3. There are many variations in organization to be tried.
Future research• Look at the difference between systems that primarily use tagging (Del.icio.us, Furl) and those that use ranking (Reddit, Digg)
• Which variations are more successful? Tags, titles, categories, descriptions, comments, and even full text are collected by various folksonomies.

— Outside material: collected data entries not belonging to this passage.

(* Let $\Re$ be a commutative Krasner hyperring with identity $1\ne0$, and let $\phi:L(\Re)\to L(\Re)\cup\{\emptyset\}$ be a function with $\phi\le\phi_3$. If $T$ is a proper $\phi$-prime hyperideal of $\Re$, then $T$ is a $w$-prime hyperideal.
   Context: Krasner hyperring: $(\Re,\oplus)$ canonical hypergroup, $(\Re,\circ)$ commutative semigroup with identity $1\ne0$, $0$ absorbing, distributive. Hyperideals and $L(\Re)$ as usual; $N^n$ is the $n$-th power of the hyperideal $N$ (product hyperideal generated by products). $\phi_3(N)=N^3$, $\phi_w(N)=\bigcap_{n\ge1}N^n$. For functions $\sigma_1,\sigma_2:L(\Re)\to L(\Re)\cup\{\emptyset\}$, $\sigma_1\le\sigma_2$ means $\sigma_1(N)\subseteq\sigma_2(N)$ for all $N$. A hyperideal $N$ is $\sigma$-prime if $a\circ b\in N$, $a\circ b\notin\sigma(N)$ imply $a\in N$ or $b\in N$; $w$-prime means $\phi_w$-prime. *)

Definition hset (R : Type) := R -> Prop.
Definition hsubset {R : Type} (A B : hset R) : Prop := forall x, A x -> B x.

Record KrasnerHyperring := {
  carrier :> Type;
  hadd : carrier -> carrier -> hset carrier;
  hneg : carrier -> carrier;
  hzero : carrier;
  hmul : carrier -> carrier -> carrier;
  hone : carrier;
  (* (R, ⊕) is a canonical hypergroup *)
  hadd_nonempty : forall x y, exists z, hadd x y z;
  hadd_assoc : forall x y z w,
      (exists u, hadd x y u /\ hadd u z w) <-> (exists v, hadd y z v /\ hadd x v w);
  hadd_comm : forall x y w, hadd x y w <-> hadd y x w;
  hadd_zero : forall x w, hadd x hzero w <-> w = x;
  hneg_spec : forall x, hadd x (hneg x) hzero;
  hneg_unique : forall x y, hadd x y hzero -> y = hneg x;
  hadd_reversible : forall x y z, hadd x y z -> hadd (hneg x) z y;
  hmul_assoc : forall x y z, hmul x (hmul y z) = hmul (hmul x y) z;
  hmul_comm : forall x y, hmul x y = hmul y x;
  hmul_one : forall x, hmul hone x = x;
  hone_neq_zero : hone <> hzero;
  hmul_zero : forall x, hmul hzero x = hzero;
  (* distributivity: a ∘ (x ⊕ y) = (a ∘ x) ⊕ (a ∘ y) *)
  hmul_distr : forall a x y w,
      (exists u, hadd x y u /\ w = hmul a u) <-> hadd (hmul a x) (hmul a y) w
}.

Arguments hadd {k}.
Arguments hneg {k}.
Arguments hzero {k}.
Arguments hmul {k}.
Arguments hone {k}.

Section Hyperideals.
Variable R : KrasnerHyperring.

Definition hyperideal (N : hset R) : Prop :=
  (exists x, N x) /\
  (forall a b, N a -> N b -> hsubset (hadd a (hneg b)) N) /\
  (forall r a, N a -> N (hmul r a)).

Definition proper (N : hset R) : Prop := exists x, ~ N x.

Definition hideal_gen (S : hset R) : hset R :=
  fun x => forall J, hyperideal J -> hsubset S J -> J x.

Definition hprod (I J : hset R) : hset R :=
  hideal_gen (fun x => exists a b, I a /\ J b /\ x = hmul a b).

(** hpow_aux N m = N^(m+1) *)
Fixpoint hpow_aux (N : hset R) (m : nat) : hset R :=
  match m with
  | O => N
  | S m' => hprod (hpow_aux N m') N
  end.

(** N^n (for n >= 1; N^0 is the whole hyperring by convention). *)
Definition hpow (N : hset R) (n : nat) : hset R :=
  match n with
  | O => fun _ => True
  | S m => hpow_aux N m
  end.

Definition phi3 (N : hset R) : hset R := hpow N 3.
Definition phiw (N : hset R) : hset R := fun x => forall n, 1 <= n -> hpow N n x.

(** sigma : L(R) -> L(R) ∪ {∅}, modelled on all subsets, constrained on hyperideals. *)
Definition hfun_ok (sigma : hset R -> hset R) : Prop :=
  forall N, hyperideal N -> hyperideal (sigma N) \/ (forall x, ~ sigma N x).

Definition hfun_le (s1 s2 : hset R -> hset R) : Prop :=
  forall N, hyperideal N -> hsubset (s1 N) (s2 N).

Definition sigma_prime (sigma : hset R -> hset R) (N : hset R) : Prop :=
  hyperideal N /\
  forall a b, N (hmul a b) -> ~ sigma N (hmul a b) -> N a \/ N b.

Definition w_prime (N : hset R) : Prop := sigma_prime phiw N.

End Hyperideals.

(* If a ∘ b ∈ φ(T) with a, b ∉ T, the twin-zero argument for weakly prime
   ideals gives T² ⊆ φ(T) ⊆ T³.  Then every power T^n with n ≥ 2 equals T²,
   so a ∘ b ∈ T³ = T² lies in every power of T, that is in φ_w(T). *)

From Stdlib Require Import Classical.

Section Hyperideals.
Variable R : KrasnerHyperring.

Lemma hneg_involutive (x : R) : hneg (hneg x) = x.
Proof. symmetry; apply hneg_unique, hadd_comm, hneg_spec. Qed.

Lemma hmul_hadd (c x y w : R) :
  hadd x y w -> hadd (hmul c x) (hmul c y) (hmul c w).
Proof. intros Hw; apply hmul_distr; exists w; auto. Qed.

Section OneHyperideal.
Variable J : hset R.
Hypothesis HJ : hyperideal R J.

Lemma hyperideal_zero : J hzero.
Proof.
  destruct HJ as [[x Hx] [Hsub _]].
  exact (Hsub x x Hx Hx _ (hneg_spec R x)).
Qed.

Lemma hyperideal_mul (r x : R) : J x -> J (hmul r x).
Proof. apply HJ. Qed.

Lemma hyperideal_neg (x : R) : J x -> J (hneg x).
Proof.
  intros Hx; destruct HJ as [_ [Hsub _]].
  apply (Hsub hzero x hyperideal_zero Hx).
  apply hadd_comm, hadd_zero; reflexivity.
Qed.

Lemma hyperideal_add (x y z : R) : J x -> J y -> hadd x y z -> J z.
Proof.
  intros Hx Hy Hz; destruct HJ as [_ [Hsub _]].
  apply (Hsub x (hneg y) Hx (hyperideal_neg y Hy)).
  rewrite hneg_involutive; exact Hz.
Qed.

Lemma hyperideal_add_cancel (x y z : R) : J x -> J z -> hadd x y z -> J y.
Proof.
  intros Hx Hz Hxyz.
  exact (hyperideal_add (hneg x) z y (hyperideal_neg x Hx) Hz
           (hadd_reversible R x y z Hxyz)).
Qed.

Lemma hyperideal_add_notin (a x u : R) : ~ J a -> J x -> hadd a x u -> ~ J u.
Proof.
  intros Ha Hx Hu Ju; apply Ha.
  apply (hyperideal_add_cancel x a u Hx Ju), hadd_comm, Hu.
Qed.

End OneHyperideal.

Lemma hideal_gen_min (S J : hset R) :
  hyperideal R J -> hsubset S J -> hsubset (hideal_gen R S) J.
Proof. intros HJ HS x Hx; exact (Hx J HJ HS). Qed.

Lemma hideal_gen_hyperideal (S : hset R) : hyperideal R (hideal_gen R S).
Proof.
  split; [| split].
  - exists hzero; intros J HJ _; exact (hyperideal_zero J HJ).
  - intros a b Ha Hb z Hz J HJ HS.
    exact (proj1 (proj2 HJ) a b (Ha J HJ HS) (Hb J HJ HS) z Hz).
  - intros r a Ha J HJ HS; exact (hyperideal_mul J HJ r a (Ha J HJ HS)).
Qed.

Lemma hideal_gen_mono (S S' : hset R) :
  hsubset S S' -> hsubset (hideal_gen R S) (hideal_gen R S').
Proof. intros HS x Hx J HJ HS'; apply Hx; auto; intros y Hy; auto. Qed.

Lemma hprod_monol (I I' J : hset R) :
  hsubset I I' -> hsubset (hprod R I J) (hprod R I' J).
Proof.
  intros HI; apply hideal_gen_mono.
  intros x [a [b [Ha [Hb Hx]]]]; exists a, b; auto.
Qed.

Lemma hprod_subr (I J : hset R) : hyperideal R I -> hsubset (hprod R I J) I.
Proof.
  intros HI; apply hideal_gen_min; auto.
  intros x [a [b [Ha [_ ->]]]]; rewrite hmul_comm; exact (hyperideal_mul I HI b a Ha).
Qed.

Lemma hpow_aux_hyperideal (N : hset R) (m : nat) :
  hyperideal R N -> hyperideal R (hpow_aux R N m).
Proof. intros HN; destruct m; [exact HN | apply hideal_gen_hyperideal]. Qed.

Lemma hpow_aux_stable (N : hset R) :
  hsubset (hpow_aux R N 1) (hpow_aux R N 2) ->
  forall m, hsubset (hpow_aux R N 1) (hpow_aux R N (S m)).
Proof.
  intros H12 m; induction m as [| m IH]; [intros x Hx; exact Hx |].
  intros x Hx; exact (hprod_monol _ _ N IH x (H12 x Hx)).
Qed.

Lemma phiw_of_pow_stable (N : hset R) (x : R) :
  hyperideal R N -> hsubset (hpow R N 2) (hpow R N 3) ->
  N x -> hpow R N 3 x -> phiw R N x.
Proof.
  intros HN H23 Nx N3x [| [| m]] Hn; [inversion Hn | exact Nx |].
  apply (hpow_aux_stable N H23 m).
  exact (hprod_subr _ N (hpow_aux_hyperideal N 1 HN) x N3x).
Qed.

(* The twin-zero argument: [I] is prime outside [P], and [a ∘ b ∈ I ∩ P]
   with [a, b ∉ I]. *)
Section TwinZero.
Variables I P : hset R.
Hypothesis HI : hyperideal R I.
Hypothesis HP : hyperideal R P.
Hypothesis Hprime : forall a b, I (hmul a b) -> ~ P (hmul a b) -> I a \/ I b.

Lemma twin_zero_mul_sub (a b : R) :
  ~ I a -> ~ I b -> I (hmul a b) -> P (hmul a b) ->
  forall x, I x -> P (hmul a x).
Proof.
  intros Ha Hb Iab Pab x Ix.
  destruct (hadd_nonempty R b x) as [y Hy].
  pose proof (hmul_hadd a b x y Hy) as Hay.
  assert (Iay : I (hmul a y))
    by exact (hyperideal_add I HI _ _ _ Iab (hyperideal_mul I HI a x Ix) Hay).
  assert (Pay : P (hmul a y)).
  { apply NNPP; intros nPay.
    destruct (Hprime a y Iay nPay) as [Ia | Iy]; [contradiction |].
    exact (hyperideal_add_notin I HI b x y Hb Ix Hy Iy). }
  exact (hyperideal_add_cancel P HP _ _ _ Pab Pay Hay).
Qed.

Lemma twin_zero_hprod_sub (a b : R) :
  ~ I a -> ~ I b -> I (hmul a b) -> P (hmul a b) -> hsubset (hprod R I I) P.
Proof.
  intros Ha Hb Iab Pab; apply hideal_gen_min; auto.
  intros z [x [y [Ix [Iy ->]]]].
  destruct (hadd_nonempty R a x) as [u Hu].
  pose proof (hmul_hadd b a x u Hu) as Hbu.
  rewrite (hmul_comm R b a) in Hbu.
  assert (Pbx : P (hmul b x)).
  { apply (twin_zero_mul_sub b a); rewrite ?(hmul_comm R b a); auto. }
  assert (Iub : I (hmul u b)).
  { rewrite hmul_comm.
    exact (hyperideal_add I HI _ _ _ Iab (hyperideal_mul I HI b x Ix) Hbu). }
  assert (Pub : P (hmul u b)).
  { rewrite hmul_comm; exact (hyperideal_add P HP _ _ _ Pab Pbx Hbu). }
  pose proof (hyperideal_add_notin I HI a x u Ha Ix Hu) as Hun.
  assert (Puy : P (hmul u y)) by exact (twin_zero_mul_sub u b Hun Hb Iub Pub y Iy).
  assert (Pay : P (hmul a y)) by exact (twin_zero_mul_sub a b Ha Hb Iab Pab y Iy).
  pose proof (hmul_hadd y a x u Hu) as Hyu.
  rewrite hmul_comm; rewrite (hmul_comm R y a), (hmul_comm R y u) in Hyu.
  exact (hyperideal_add_cancel P HP _ _ _ Pay Puy Hyu).
Qed.

End TwinZero.

End Hyperideals.

Theorem mainTheorem7 (R : KrasnerHyperring) (phi : hset R -> hset R)
  (Hphi : hfun_ok R phi) (Hle : hfun_le R phi (phi3 R))
  (T : hset R) (HT : proper R T) (Hprime : sigma_prime R phi T) :
  w_prime R T.
Proof.
  destruct Hprime as [HTid Hpr]; split; [exact HTid |].
  intros a b Tab nWab.
  destruct (classic (phi T (hmul a b))) as [Pab | nPab]; [| exact (Hpr a b Tab nPab)].
  destruct (classic (T a)) as [Ta | Ha]; [now left |].
  destruct (classic (T b)) as [Tb | Hb]; [now right |].
  exfalso; apply nWab.
  assert (Hphi_id : hyperideal R (phi T)).
  { destruct (Hphi T HTid) as [Hid | Hempty]; [exact Hid | contradiction (Hempty _ Pab)]. }
  assert (T2_sub_T3 : hsubset (hpow R T 2) (hpow R T 3)).
  { intros x Hx; apply (Hle T HTid).
    exact (twin_zero_hprod_sub R T (phi T) HTid Hphi_id Hpr a b Ha Hb Tab Pab x Hx). }
  exact (phiw_of_pow_stable R T _ HTid T2_sub_T3 Tab (Hle T HTid _ Pab)).
Qed.
(* Let $\mathcal{V}$ be a finite set of nodes, $\mathcal{P}$ a finite set of labels, $\mathcal{E}$ a set of unordered pairs of nodes, and $\theta_{ip},\theta_{ij,pq}\in\mathbb{R}$ unary and pairwise potential values. For $\vec{y}\in\{0,1\}^{\mathcal{V}\times\mathcal{P}}$ and $\vec{\lambda}\in\mathbb{R}^{\mathcal{V}}$ let $$L(\vec{y},\vec{\lambda})=\sum_{i\in\mathcal{V}}\sum_{p\in\mathcal{P}}\theta_{ip}y_{ip}+\sum_{\{i,j\}\in\mathcal{E}}\sum_{p,q\in\mathcal{P}}\theta_{ij,pq}y_{ip}y_{jq}+\sum_{i\in\mathcal{V}}\lambda_i\Big(\sum_{p\in\mathcal{P}}y_{ip}-1\Big)$$ and $D(\vec{\lambda})=\min_{\vec{y}\in\{0,1\}^{\mathcal{V}\times\mathcal{P}}}L(\vec{y},\vec{\lambda})$. If $\vec{\lambda}^*$ is a maximum point of $D$ over $\mathbb{R}^{\mathcal{V}}$, then $\vec{\lambda}^*$ satisfies the weak agreement condition.
   Context: For $\vec\lambda\in\mathbb{R}^{\mathcal V}$, $i\in\mathcal V$, $p\in\mathcal P$, define $Z_{ip}(\vec\lambda)=\{z\in\{0,1\}:\ \exists\,\vec y^{\vec\lambda}\in\operatorname{Argmin}_{\vec y\in\{0,1\}^{\mathcal V\times\mathcal P}}L(\vec y,\vec\lambda)\text{ with }y^{\vec\lambda}_{ip}=z\}$, i.e. the set of values the variable $y_{ip}$ takes among all minimizers of the Lagrangian. A point $\vec\lambda$ satisfies the weak agreement condition if for every node $i\in\mathcal V$: (1) there exists $p\in\mathcal P$ with $1\in Z_{ip}(\vec\lambda)$; and (2) for every $p\in\mathcal P$, if $Z_{ip}(\vec\lambda)=\{1\}$ then $0\in Z_{iq}(\vec\lambda)$ for all $q\ne p$. *)

From mathcomp Require Import all_boot all_order all_algebra.
From mathcomp Require Import reals.
Set Implicit Arguments. Unset Strict Implicit. Unset Printing Implicit Defensive.
Import Order.TTheory GRing.Theory Num.Theory.
Local Open Scope ring_scope.

Section MRF.
Variables (R : realType) (V P : finType).

Definition labeling := {ffun V * P -> bool}.

(* Edges: E is a set of ordered pairs (i,j),
   each unordered edge {i,j} represented by exactly one orientation
   (see hypotheses of the theorem); theta2 i j p q = theta_{ij,pq}. *)
Definition lagrangian (theta1 : V -> P -> R) (theta2 : V -> V -> P -> P -> R)
  (E : {set V * V}) (y : labeling) (lam : V -> R) : R :=
  \sum_(i : V) \sum_(p : P) theta1 i p * (y (i, p))%:R
  + \sum_(e in E) \sum_(p : P) \sum_(q : P)
        theta2 e.1 e.2 p q * (y (e.1, p))%:R * (y (e.2, q))%:R
  + \sum_(i : V) lam i * ((\sum_(p : P) (y (i, p))%:R) - 1).

Definition dual theta1 theta2 E (lam : V -> R) : R :=
  \big[Num.min/lagrangian theta1 theta2 E [ffun _ => false] lam]_(y : labeling)
     lagrangian theta1 theta2 E y lam.

Definition is_minimizer theta1 theta2 E (lam : V -> R) (y : labeling) : Prop :=
  forall y' : labeling,
    lagrangian theta1 theta2 E y lam <= lagrangian theta1 theta2 E y' lam.

Definition inZ theta1 theta2 E (lam : V -> R) (i : V) (p : P) (z : bool) : Prop :=
  exists y : labeling, is_minimizer theta1 theta2 E lam y /\ y (i, p) = z.

Definition weak_agreement theta1 theta2 E (lam : V -> R) : Prop :=
  forall i : V,
    (exists p : P, inZ theta1 theta2 E lam i p true) /\
    (forall p : P,
        (inZ theta1 theta2 E lam i p true /\ ~ inZ theta1 theta2 E lam i p false) ->
        forall q : P, q != p -> inZ theta1 theta2 E lam i q false).

End MRF.

From mathcomp Require Import all_boot all_order all_algebra.
From mathcomp Require Import reals.
From mathcomp Require Import lra.
From Stdlib Require Import Classical.
Set Implicit Arguments. Unset Strict Implicit. Unset Printing Implicit Defensive.
Import Order.TTheory GRing.Theory Num.Theory.
Local Open Scope ring_scope.

(** The dual [D] is the pointwise minimum of the finitely many functions
    [lam |-> L y lam], each affine in every coordinate [lam i]; moving [lam i]
    by [t * d] changes [L y] by [t * d * (n_i(y) - 1)], where [n_i(y)] is the
    number of labels [y] gives to [i].  If this slope is positive for every
    minimizer at [lam], then [D] increases for small [t > 0]: the minimizers
    go up, and the other labelings keep their positive slack for [t] small.
    So at a maximum of [D] no direction makes all minimizer slopes positive.
    If condition (1) fails at [i], every minimizer has [n_i = 0] and [d = -1]
    is such a direction; if (2) fails, every minimizer gives [i] both labels
    [p] and [q], so [n_i >= 2] and [d = 1] is one. *)

Section SmallSteps.
Variable R : realFieldType.

Definition near_0plus (Q : R -> Prop) : Prop :=
  exists e, 0 < e /\ forall e', 0 < e' -> e' <= e -> Q e'.

Lemma near_0plus_all_seq (T : eqType) (Q : T -> R -> Prop) (s : seq T) :
  (forall y, near_0plus (Q y)) -> near_0plus (fun e => forall y, y \in s -> Q y e).
Proof.
move=> HQ; elim: s => [|a s [e [e_gt0 He]]]; first by exists 1.
have [ea [ea_gt0 Ha]] := HQ a.
exists (Num.min e ea); split; first by rewrite lt_min e_gt0 ea_gt0.
move=> e' e'_gt0; rewrite le_min => /andP[le_e le_ea] y.
by rewrite inE => /predU1P[->|ys]; [exact: Ha | exact: He].
Qed.

Lemma near_0plus_all (T : finType) (Q : T -> R -> Prop) :
  (forall y, near_0plus (Q y)) -> near_0plus (fun e => forall y, Q y e).
Proof.
move=> /(near_0plus_all_seq (index_enum T)) [e [e_gt0 He]].
by exists e; split => // e' e'_gt0 le_e y; apply: He => //; exact: mem_index_enum.
Qed.

Lemma near_0plus_affine_gt (m a b : R) :
  m <= a -> (a = m -> 0 < b) -> near_0plus (fun e => m < a + e * b).
Proof.
move=> m_le_a b_pos; have [a_eq_m|a_neq_m] := eqVneq a m.
  exists 1; split => // e' e'_gt0 _.
  have := mulr_gt0 e'_gt0 (b_pos a_eq_m); lra.
have slack : 0 < a - m by rewrite subr_gt0 lt_neqAle eq_sym a_neq_m m_le_a.
have nb1_gt0 : 0 < `|b| + 1 by have := normr_ge0 b; lra.
set e := (a - m) / (`|b| + 1).
have e_gt0 : 0 < e by apply: divr_gt0.
have e_nb1 : e * (`|b| + 1) = a - m by rewrite divfK // gt_eqF.
exists e; split => // e' e'_gt0 le_e.
have /ler_normlP[Nb_le _] := lexx `|b|.
have := ler_wpM2l (ltW e'_gt0) Nb_le.
have := ler_wpM2r (normr_ge0 b) le_e.
nra.
Qed.

Lemma min_affine_increase (T : finType) (a b : T -> R) (m : R) :
  (forall y, m <= a y) -> (forall y, a y = m -> 0 < b y) ->
  exists e, 0 < e /\ forall y, m < a y + e * b y.
Proof.
move=> m_le b_pos.
have [e [e_gt0 He]] :=
  near_0plus_all (fun y => near_0plus_affine_gt (m_le y) (@b_pos y)).
by exists e; split => //; apply: He.
Qed.

End SmallSteps.

Section Lagrangian.
Context {R : realType} {V P : finType} (E : {set V * V})
  (theta1 : V -> P -> R) (theta2 : V -> V -> P -> P -> R).

Local Notation L := (lagrangian theta1 theta2 E).
Local Notation D := (dual theta1 theta2 E).
Local Notation is_min := (is_minimizer theta1 theta2 E).

Definition nlabels (y : labeling V P) (i : V) : R := \sum_(p : P) (y (i, p))%:R.

Lemma nlabels_eq0 (y : labeling V P) i :
  (forall p, y (i, p) = false) -> nlabels y i = 0.
Proof. by move=> y_false; apply: big1 => p _; rewrite y_false. Qed.

Lemma nlabels_ge2 (y : labeling V P) i p q :
  p != q -> y (i, p) -> y (i, q) -> 2 <= nlabels y i.
Proof.
move=> p_ne_q yp yq; rewrite /nlabels (bigD1 p) // (bigD1 q) 1?eq_sym //= yp yq /=.
have : 0 <= \sum_(r | (r != p) && (r != q)) (y (i, r))%:R :> R.
  by apply: sumr_ge0 => r _; apply: ler0n.
lra.
Qed.

Definition shift_at (lam : V -> R) (i : V) (t : R) : V -> R :=
  fun j => lam j + (if j == i then t else 0).

Lemma lagrangian_shift_at y lam i t :
  L y (shift_at lam i t) = L y lam + t * (nlabels y i - 1).
Proof.
rewrite /lagrangian -!addrA; congr (_ + (_ + _)).
under eq_bigr do rewrite mulrDl.
rewrite big_split /=; congr (_ + _).
rewrite (bigD1 i) //= eqxx [X in _ + X]big1 ?addr0 // => j /negbTE ->.
by rewrite mul0r.
Qed.

Lemma dual_le lam y : D lam <= L y lam.
Proof. exact: bigmin_le. Qed.

Lemma lt_dual lam m : (forall y, m < L y lam) -> m < D lam.
Proof. by move=> m_lt; apply/bigmin_gtP; split. Qed.

Lemma minimizer_of_dual lam y : L y lam = D lam -> is_min lam y.
Proof. by move=> Ly_eq y'; rewrite Ly_eq dual_le. Qed.

Lemma dual_ascent lam i d :
  (forall y, is_min lam y -> 0 < d * (nlabels y i - 1)) ->
  exists lam', D lam < D lam'.
Proof.
move=> slope_pos.
have [e [_ He]] := min_affine_increase (dual_le lam)
  (fun y Ly_eq => slope_pos y (minimizer_of_dual Ly_eq)).
exists (shift_at lam i (e * d)); apply: lt_dual => y.
by rewrite lagrangian_shift_at -mulrA.
Qed.

End Lagrangian.

Theorem theorem2 (R : realType) (V P : finType)
  (E : {set V * V})
  (HEirr : forall i j : V, (i, j) \in E -> i != j)
  (HEuniq : forall i j : V, (i, j) \in E -> (j, i) \notin E)
  (theta1 : V -> P -> R) (theta2 : V -> V -> P -> P -> R)
  (lamstar : V -> R)
  (Hmax : forall lam : V -> R, dual theta1 theta2 E lam <= dual theta1 theta2 E lamstar) :
  weak_agreement theta1 theta2 E lamstar.
Proof.
have no_ascent (i : V) (d : R) :
    ~ (forall y, is_minimizer theta1 theta2 E lamstar y ->
       0 < d * (nlabels y i - 1)).
  by move=> /dual_ascent [lam']; rewrite ltNge Hmax.
move=> i; split.
  apply: NNPP => no_label; apply: (no_ascent i (-1)) => y y_min.
  rewrite nlabels_eq0 => [|p]; first lra.
  by apply/negbTE/negP => yp; apply: no_label; exists p, y.
move=> p [_ p_not_false] q q_ne_p; apply: NNPP => q_not_false.
apply: (no_ascent i 1) => y y_min.
have yp : y (i, p) by apply: contra_notT p_not_false => /negbTE yp; exists y.
have yq : y (i, q) by apply: contra_notT q_not_false => /negbTE yq; exists y.
have two_le : 2 <= nlabels y i :> R by exact: nlabels_ge2 q_ne_p yq yp.
lra.
Qed.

• Where should weight be placed? Should a document that matches the query closely rank higher than one with many votes, or vice versa?
Future research (cont.)
• Artificial situations could be set up to study absolute recall and searches for an exhaustive list of items.
• Similar studies on IR systems covering smaller domains, like video, should be done. Blog search systems in particular would be interesting.
• What about other IR behaviors such as browsing?
• There are many other fascinating topics such as the social networks in some folksonomies and what motivates users to tag items among others.